Records shown:
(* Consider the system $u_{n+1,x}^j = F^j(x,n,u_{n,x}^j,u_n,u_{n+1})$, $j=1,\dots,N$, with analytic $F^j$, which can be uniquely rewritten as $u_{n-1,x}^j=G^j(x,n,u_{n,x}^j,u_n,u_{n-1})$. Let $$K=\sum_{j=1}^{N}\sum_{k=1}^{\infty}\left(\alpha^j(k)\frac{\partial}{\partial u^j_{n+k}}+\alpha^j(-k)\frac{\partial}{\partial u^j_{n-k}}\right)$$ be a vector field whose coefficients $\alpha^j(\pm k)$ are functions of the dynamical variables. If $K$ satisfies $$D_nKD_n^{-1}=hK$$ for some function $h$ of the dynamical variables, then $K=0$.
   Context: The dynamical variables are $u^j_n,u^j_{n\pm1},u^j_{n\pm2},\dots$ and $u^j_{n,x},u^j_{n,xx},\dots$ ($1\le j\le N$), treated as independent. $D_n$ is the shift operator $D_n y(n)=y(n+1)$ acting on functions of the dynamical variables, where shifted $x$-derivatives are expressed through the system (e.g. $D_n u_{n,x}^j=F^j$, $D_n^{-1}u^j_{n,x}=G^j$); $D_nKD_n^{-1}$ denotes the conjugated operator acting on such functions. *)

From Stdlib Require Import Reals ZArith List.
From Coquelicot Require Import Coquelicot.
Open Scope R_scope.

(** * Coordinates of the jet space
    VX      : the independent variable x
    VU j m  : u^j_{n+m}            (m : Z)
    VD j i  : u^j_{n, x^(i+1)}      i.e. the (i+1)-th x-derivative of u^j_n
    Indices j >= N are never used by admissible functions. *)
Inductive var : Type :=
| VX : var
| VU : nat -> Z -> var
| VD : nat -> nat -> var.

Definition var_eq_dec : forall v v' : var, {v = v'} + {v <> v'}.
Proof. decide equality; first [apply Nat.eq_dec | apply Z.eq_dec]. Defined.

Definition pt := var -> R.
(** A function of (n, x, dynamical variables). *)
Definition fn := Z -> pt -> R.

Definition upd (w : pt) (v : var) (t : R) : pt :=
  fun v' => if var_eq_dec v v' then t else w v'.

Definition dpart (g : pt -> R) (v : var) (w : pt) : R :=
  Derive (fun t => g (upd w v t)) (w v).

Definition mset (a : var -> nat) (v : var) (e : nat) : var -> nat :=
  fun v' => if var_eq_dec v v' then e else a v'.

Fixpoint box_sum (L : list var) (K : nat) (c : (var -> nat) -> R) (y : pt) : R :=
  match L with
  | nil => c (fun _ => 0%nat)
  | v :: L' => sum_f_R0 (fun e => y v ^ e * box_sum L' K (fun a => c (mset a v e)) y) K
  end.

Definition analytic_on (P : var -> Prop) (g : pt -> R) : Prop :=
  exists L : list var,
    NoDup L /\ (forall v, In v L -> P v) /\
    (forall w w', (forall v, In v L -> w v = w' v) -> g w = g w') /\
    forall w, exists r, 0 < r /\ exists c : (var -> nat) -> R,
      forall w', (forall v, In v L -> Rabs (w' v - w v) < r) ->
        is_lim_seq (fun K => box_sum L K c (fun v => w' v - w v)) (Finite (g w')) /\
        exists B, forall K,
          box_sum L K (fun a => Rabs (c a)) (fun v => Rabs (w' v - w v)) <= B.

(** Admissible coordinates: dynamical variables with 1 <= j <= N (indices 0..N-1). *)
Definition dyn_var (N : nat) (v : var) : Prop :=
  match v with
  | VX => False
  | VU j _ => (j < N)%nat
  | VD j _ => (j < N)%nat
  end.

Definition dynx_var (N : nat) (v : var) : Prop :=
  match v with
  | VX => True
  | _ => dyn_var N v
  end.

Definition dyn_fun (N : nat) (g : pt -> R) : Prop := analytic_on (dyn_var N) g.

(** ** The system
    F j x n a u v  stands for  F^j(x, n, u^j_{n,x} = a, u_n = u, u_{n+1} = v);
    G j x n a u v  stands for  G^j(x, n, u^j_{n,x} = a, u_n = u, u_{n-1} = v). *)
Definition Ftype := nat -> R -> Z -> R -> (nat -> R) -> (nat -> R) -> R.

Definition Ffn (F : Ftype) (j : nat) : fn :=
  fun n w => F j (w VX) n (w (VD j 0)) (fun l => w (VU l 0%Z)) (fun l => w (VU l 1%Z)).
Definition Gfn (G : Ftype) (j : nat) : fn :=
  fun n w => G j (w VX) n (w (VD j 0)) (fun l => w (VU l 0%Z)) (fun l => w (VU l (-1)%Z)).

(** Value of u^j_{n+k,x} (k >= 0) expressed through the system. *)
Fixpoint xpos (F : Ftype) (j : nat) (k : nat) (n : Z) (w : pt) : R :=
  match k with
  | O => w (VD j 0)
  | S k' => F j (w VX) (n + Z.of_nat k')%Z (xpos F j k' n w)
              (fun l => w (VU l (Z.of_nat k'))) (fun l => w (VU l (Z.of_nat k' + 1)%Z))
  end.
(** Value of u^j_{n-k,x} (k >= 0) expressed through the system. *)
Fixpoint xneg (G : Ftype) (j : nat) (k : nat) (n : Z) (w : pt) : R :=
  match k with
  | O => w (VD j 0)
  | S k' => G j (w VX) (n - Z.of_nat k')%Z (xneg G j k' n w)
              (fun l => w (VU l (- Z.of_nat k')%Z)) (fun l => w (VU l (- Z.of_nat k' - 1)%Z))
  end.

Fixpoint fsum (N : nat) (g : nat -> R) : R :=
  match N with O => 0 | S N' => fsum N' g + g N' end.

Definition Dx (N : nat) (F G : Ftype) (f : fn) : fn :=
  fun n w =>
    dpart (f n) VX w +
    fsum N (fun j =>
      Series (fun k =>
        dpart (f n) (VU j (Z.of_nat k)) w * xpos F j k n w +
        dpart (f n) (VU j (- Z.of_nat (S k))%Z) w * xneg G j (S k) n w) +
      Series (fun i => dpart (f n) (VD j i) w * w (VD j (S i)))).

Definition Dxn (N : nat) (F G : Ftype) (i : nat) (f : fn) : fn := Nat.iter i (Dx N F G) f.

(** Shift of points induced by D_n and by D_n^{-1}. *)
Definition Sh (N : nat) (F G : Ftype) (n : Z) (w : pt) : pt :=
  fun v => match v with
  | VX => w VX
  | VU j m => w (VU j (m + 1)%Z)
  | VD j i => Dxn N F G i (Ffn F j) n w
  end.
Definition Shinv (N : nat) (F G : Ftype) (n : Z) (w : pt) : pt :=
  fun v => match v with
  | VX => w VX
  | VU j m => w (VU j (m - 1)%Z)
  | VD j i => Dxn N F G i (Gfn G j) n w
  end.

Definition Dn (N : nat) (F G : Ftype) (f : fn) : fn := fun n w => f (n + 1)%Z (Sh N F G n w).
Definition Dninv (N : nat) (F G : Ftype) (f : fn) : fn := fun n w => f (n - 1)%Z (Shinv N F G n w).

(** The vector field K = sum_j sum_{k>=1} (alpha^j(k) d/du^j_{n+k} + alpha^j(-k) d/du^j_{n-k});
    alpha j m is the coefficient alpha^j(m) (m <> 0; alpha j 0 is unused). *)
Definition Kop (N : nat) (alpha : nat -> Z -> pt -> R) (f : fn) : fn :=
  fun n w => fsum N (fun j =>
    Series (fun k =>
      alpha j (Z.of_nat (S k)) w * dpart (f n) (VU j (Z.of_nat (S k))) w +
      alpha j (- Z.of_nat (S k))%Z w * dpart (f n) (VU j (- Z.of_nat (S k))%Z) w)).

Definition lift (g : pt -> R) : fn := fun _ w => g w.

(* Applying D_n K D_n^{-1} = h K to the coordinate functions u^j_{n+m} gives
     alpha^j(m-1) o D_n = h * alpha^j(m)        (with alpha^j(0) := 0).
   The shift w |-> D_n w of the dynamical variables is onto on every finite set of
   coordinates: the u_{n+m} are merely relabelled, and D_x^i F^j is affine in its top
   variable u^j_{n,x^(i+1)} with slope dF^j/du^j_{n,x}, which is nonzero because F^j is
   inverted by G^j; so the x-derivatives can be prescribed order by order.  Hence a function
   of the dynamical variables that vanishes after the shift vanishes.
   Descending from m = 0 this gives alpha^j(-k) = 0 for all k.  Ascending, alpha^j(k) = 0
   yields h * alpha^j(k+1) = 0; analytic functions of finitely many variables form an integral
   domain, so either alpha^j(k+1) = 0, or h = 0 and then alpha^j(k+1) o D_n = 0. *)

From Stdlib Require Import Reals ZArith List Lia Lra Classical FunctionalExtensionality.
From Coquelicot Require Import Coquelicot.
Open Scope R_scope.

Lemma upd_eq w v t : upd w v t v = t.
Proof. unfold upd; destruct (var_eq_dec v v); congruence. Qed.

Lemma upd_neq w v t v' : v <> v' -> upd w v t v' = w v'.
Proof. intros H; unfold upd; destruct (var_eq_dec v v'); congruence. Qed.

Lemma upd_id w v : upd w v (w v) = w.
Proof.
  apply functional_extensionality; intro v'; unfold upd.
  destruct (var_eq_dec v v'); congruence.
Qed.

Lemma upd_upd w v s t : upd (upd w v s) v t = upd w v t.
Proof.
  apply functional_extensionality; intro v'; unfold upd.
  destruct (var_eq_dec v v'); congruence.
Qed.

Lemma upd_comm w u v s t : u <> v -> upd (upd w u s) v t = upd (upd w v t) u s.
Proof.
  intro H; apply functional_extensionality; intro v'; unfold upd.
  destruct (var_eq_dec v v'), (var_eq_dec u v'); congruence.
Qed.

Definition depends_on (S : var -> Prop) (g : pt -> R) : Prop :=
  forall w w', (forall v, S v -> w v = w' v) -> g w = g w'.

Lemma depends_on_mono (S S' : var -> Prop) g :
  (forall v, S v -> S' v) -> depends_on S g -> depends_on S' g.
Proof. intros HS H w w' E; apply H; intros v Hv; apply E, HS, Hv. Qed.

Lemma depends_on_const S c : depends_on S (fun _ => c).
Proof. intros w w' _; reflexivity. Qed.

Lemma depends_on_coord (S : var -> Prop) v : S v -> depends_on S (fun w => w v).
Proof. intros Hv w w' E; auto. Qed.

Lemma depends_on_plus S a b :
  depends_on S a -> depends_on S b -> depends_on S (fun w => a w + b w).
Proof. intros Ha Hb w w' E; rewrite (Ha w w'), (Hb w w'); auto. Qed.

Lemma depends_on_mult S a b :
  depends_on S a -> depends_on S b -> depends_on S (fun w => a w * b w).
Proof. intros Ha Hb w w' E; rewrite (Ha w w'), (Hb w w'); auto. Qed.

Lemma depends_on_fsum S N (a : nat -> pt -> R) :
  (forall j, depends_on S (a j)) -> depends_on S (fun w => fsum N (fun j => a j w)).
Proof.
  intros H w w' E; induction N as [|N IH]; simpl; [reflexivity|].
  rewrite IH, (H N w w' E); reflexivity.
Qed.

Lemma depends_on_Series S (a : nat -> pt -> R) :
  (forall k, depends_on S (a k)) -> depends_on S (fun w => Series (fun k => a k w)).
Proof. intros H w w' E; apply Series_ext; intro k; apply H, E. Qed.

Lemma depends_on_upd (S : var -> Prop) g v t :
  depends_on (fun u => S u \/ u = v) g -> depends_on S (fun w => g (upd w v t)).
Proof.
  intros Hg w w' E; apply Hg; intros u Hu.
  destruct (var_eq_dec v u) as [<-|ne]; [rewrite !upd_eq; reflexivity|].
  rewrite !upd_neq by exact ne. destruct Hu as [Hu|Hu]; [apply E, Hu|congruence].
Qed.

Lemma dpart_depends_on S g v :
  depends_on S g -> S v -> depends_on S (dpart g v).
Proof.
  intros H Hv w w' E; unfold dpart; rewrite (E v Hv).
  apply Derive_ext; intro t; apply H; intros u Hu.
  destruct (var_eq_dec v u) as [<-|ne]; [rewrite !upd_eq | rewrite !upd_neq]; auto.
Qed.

Assignment: Using the records above, copy word for word the line with "alpha j (Z.of_nat", the line with "The shift w", and every line between them.

Task response:
      alpha j (Z.of_nat (S k)) w * dpart (f n) (VU j (Z.of_nat (S k))) w +
      alpha j (- Z.of_nat (S k))%Z w * dpart (f n) (VU j (- Z.of_nat (S k))%Z) w)).

Definition lift (g : pt -> R) : fn := fun _ w => g w.

(* Applying D_n K D_n^{-1} = h K to the coordinate functions u^j_{n+m} gives
     alpha^j(m-1) o D_n = h * alpha^j(m)        (with alpha^j(0) := 0).
   The shift w |-> D_n w of the dynamical variables is onto on every finite set of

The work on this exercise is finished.